* Exercise instructions *
Everything from the first line of the records below through the line containing "apply: le_trans (ler_norm _) _." is to be retyped exactly; leave out the rest.
== The input ==
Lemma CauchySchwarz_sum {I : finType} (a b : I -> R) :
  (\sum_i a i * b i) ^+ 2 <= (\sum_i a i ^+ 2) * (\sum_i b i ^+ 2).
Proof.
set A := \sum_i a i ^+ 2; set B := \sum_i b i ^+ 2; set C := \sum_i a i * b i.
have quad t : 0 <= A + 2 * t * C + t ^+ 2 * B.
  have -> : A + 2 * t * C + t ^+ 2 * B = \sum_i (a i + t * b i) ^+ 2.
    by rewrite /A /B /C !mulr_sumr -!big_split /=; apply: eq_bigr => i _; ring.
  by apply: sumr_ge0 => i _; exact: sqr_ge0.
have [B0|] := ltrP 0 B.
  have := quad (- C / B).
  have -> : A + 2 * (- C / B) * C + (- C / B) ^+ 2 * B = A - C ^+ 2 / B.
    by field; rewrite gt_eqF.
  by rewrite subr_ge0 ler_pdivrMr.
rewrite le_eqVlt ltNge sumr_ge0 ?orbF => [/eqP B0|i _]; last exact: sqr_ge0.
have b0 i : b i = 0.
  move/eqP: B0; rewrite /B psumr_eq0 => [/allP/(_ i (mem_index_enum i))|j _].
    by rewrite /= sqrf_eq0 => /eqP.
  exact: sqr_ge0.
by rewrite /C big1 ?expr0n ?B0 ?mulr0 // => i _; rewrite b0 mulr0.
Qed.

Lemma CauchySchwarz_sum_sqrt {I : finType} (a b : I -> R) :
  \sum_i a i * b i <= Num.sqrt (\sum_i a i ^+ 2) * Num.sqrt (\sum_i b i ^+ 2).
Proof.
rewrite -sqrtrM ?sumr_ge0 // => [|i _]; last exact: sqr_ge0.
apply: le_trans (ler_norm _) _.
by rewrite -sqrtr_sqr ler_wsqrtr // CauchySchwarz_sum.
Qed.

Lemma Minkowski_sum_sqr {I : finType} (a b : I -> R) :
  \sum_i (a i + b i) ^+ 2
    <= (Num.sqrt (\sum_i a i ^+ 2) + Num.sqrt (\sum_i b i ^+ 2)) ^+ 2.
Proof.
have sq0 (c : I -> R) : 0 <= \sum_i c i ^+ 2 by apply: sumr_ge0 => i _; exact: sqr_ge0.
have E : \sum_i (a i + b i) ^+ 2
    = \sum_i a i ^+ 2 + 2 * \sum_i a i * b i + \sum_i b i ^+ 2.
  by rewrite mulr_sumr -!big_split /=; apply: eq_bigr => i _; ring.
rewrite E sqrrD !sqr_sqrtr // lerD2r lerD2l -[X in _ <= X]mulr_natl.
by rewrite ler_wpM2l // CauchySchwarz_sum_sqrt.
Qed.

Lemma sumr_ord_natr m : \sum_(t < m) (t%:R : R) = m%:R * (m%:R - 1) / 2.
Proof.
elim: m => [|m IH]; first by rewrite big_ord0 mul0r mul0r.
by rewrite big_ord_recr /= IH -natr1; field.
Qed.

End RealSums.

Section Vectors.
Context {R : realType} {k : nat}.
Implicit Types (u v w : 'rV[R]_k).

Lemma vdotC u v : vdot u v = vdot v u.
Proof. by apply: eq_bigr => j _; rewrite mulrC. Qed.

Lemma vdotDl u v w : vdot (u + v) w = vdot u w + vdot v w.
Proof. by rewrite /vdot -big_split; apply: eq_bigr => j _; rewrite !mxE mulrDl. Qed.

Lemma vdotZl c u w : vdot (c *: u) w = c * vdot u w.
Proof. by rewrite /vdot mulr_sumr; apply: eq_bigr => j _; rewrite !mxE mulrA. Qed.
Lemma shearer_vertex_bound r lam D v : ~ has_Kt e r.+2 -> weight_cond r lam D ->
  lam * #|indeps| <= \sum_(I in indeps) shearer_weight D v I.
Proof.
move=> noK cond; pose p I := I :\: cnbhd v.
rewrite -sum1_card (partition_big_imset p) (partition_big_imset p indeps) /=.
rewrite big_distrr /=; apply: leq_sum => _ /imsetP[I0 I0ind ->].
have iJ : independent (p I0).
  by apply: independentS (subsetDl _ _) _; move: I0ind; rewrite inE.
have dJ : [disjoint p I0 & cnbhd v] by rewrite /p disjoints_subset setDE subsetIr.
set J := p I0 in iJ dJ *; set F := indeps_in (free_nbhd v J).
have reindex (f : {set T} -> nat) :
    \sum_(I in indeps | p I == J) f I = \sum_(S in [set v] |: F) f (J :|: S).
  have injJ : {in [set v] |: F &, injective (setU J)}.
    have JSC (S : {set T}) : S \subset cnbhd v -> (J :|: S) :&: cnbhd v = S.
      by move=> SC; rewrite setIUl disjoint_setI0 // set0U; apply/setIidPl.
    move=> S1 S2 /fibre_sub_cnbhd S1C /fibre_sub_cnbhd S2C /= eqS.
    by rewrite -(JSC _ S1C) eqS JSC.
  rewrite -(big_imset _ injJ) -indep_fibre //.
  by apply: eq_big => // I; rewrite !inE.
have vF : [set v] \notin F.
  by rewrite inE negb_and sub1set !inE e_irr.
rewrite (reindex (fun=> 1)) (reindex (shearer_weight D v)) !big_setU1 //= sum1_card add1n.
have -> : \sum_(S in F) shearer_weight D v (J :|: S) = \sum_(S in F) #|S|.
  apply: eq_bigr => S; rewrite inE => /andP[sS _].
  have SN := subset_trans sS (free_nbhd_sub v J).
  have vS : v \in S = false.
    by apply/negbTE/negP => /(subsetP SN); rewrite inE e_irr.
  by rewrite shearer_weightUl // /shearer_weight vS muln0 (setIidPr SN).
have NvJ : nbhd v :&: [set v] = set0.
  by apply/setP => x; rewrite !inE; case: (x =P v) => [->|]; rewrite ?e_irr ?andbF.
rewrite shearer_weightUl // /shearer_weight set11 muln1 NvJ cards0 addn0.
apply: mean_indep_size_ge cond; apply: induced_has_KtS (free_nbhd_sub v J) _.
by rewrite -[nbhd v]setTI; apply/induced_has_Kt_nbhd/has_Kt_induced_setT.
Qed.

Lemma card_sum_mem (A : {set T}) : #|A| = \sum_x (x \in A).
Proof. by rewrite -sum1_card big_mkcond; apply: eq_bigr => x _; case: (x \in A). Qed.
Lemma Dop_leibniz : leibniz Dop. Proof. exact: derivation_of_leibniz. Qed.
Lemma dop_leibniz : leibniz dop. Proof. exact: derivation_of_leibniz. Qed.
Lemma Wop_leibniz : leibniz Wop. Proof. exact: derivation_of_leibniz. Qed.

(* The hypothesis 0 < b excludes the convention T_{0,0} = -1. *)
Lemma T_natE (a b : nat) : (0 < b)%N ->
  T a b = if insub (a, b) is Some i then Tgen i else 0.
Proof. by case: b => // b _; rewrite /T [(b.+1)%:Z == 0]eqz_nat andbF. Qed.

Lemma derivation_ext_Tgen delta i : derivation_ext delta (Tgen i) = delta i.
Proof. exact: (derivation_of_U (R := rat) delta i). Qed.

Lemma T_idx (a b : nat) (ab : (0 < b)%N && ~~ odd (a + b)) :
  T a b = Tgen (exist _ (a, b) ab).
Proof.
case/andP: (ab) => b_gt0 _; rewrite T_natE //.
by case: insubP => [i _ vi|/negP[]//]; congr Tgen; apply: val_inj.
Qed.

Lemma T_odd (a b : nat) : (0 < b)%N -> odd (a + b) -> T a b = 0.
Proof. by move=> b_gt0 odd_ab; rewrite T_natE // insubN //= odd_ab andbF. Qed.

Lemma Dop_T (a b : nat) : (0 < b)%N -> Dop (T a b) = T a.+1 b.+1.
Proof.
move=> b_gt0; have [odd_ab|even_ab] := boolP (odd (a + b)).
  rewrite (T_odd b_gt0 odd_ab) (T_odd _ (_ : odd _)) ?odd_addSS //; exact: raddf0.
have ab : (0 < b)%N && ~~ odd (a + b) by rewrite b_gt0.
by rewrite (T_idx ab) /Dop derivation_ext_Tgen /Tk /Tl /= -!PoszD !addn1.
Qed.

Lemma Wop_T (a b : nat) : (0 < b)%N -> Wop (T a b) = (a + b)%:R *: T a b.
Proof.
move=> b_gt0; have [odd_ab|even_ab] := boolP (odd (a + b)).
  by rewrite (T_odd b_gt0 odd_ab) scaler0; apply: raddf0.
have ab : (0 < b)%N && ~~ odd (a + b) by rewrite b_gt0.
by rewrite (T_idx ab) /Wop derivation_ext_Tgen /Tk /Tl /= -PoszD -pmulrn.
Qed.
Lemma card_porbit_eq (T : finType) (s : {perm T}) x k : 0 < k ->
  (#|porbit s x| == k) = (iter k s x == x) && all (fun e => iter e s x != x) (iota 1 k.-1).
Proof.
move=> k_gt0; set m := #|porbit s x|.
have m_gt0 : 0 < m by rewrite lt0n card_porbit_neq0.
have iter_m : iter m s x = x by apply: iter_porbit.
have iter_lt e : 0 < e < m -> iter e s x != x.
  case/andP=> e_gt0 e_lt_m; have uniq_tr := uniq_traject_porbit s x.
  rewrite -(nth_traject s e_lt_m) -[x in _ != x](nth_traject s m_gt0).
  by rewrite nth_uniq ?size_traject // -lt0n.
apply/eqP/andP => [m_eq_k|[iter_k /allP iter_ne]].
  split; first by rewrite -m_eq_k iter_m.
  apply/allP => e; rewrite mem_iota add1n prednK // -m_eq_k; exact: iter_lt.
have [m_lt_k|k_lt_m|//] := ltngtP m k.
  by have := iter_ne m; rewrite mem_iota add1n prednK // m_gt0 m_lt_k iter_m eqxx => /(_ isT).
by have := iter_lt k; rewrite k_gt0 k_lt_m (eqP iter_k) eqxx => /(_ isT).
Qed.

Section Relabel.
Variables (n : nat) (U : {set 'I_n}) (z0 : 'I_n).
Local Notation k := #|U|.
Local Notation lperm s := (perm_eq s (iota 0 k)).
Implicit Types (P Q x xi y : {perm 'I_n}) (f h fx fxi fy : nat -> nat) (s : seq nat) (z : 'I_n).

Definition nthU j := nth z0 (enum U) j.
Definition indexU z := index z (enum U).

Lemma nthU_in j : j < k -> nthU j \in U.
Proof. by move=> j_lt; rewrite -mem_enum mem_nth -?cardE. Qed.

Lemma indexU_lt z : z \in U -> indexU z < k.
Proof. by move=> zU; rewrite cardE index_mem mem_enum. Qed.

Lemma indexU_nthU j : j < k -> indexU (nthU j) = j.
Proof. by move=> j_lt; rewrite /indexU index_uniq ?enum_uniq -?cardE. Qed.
===
* Response *
Lemma CauchySchwarz_sum {I : finType} (a b : I -> R) :
  (\sum_i a i * b i) ^+ 2 <= (\sum_i a i ^+ 2) * (\sum_i b i ^+ 2).
Proof.
set A := \sum_i a i ^+ 2; set B := \sum_i b i ^+ 2; set C := \sum_i a i * b i.
have quad t : 0 <= A + 2 * t * C + t ^+ 2 * B.
  have -> : A + 2 * t * C + t ^+ 2 * B = \sum_i (a i + t * b i) ^+ 2.
    by rewrite /A /B /C !mulr_sumr -!big_split /=; apply: eq_bigr => i _; ring.
  by apply: sumr_ge0 => i _; exact: sqr_ge0.
have [B0|] := ltrP 0 B.
  have := quad (- C / B).
  have -> : A + 2 * (- C / B) * C + (- C / B) ^+ 2 * B = A - C ^+ 2 / B.
    by field; rewrite gt_eqF.
  by rewrite subr_ge0 ler_pdivrMr.
rewrite le_eqVlt ltNge sumr_ge0 ?orbF => [/eqP B0|i _]; last exact: sqr_ge0.
have b0 i : b i = 0.
  move/eqP: B0; rewrite /B psumr_eq0 => [/allP/(_ i (mem_index_enum i))|j _].
    by rewrite /= sqrf_eq0 => /eqP.
  exact: sqr_ge0.
by rewrite /C big1 ?expr0n ?B0 ?mulr0 // => i _; rewrite b0 mulr0.
Qed.

Lemma CauchySchwarz_sum_sqrt {I : finType} (a b : I -> R) :
  \sum_i a i * b i <= Num.sqrt (\sum_i a i ^+ 2) * Num.sqrt (\sum_i b i ^+ 2).
Proof.
rewrite -sqrtrM ?sumr_ge0 // => [|i _]; last exact: sqr_ge0.
apply: le_trans (ler_norm _) _.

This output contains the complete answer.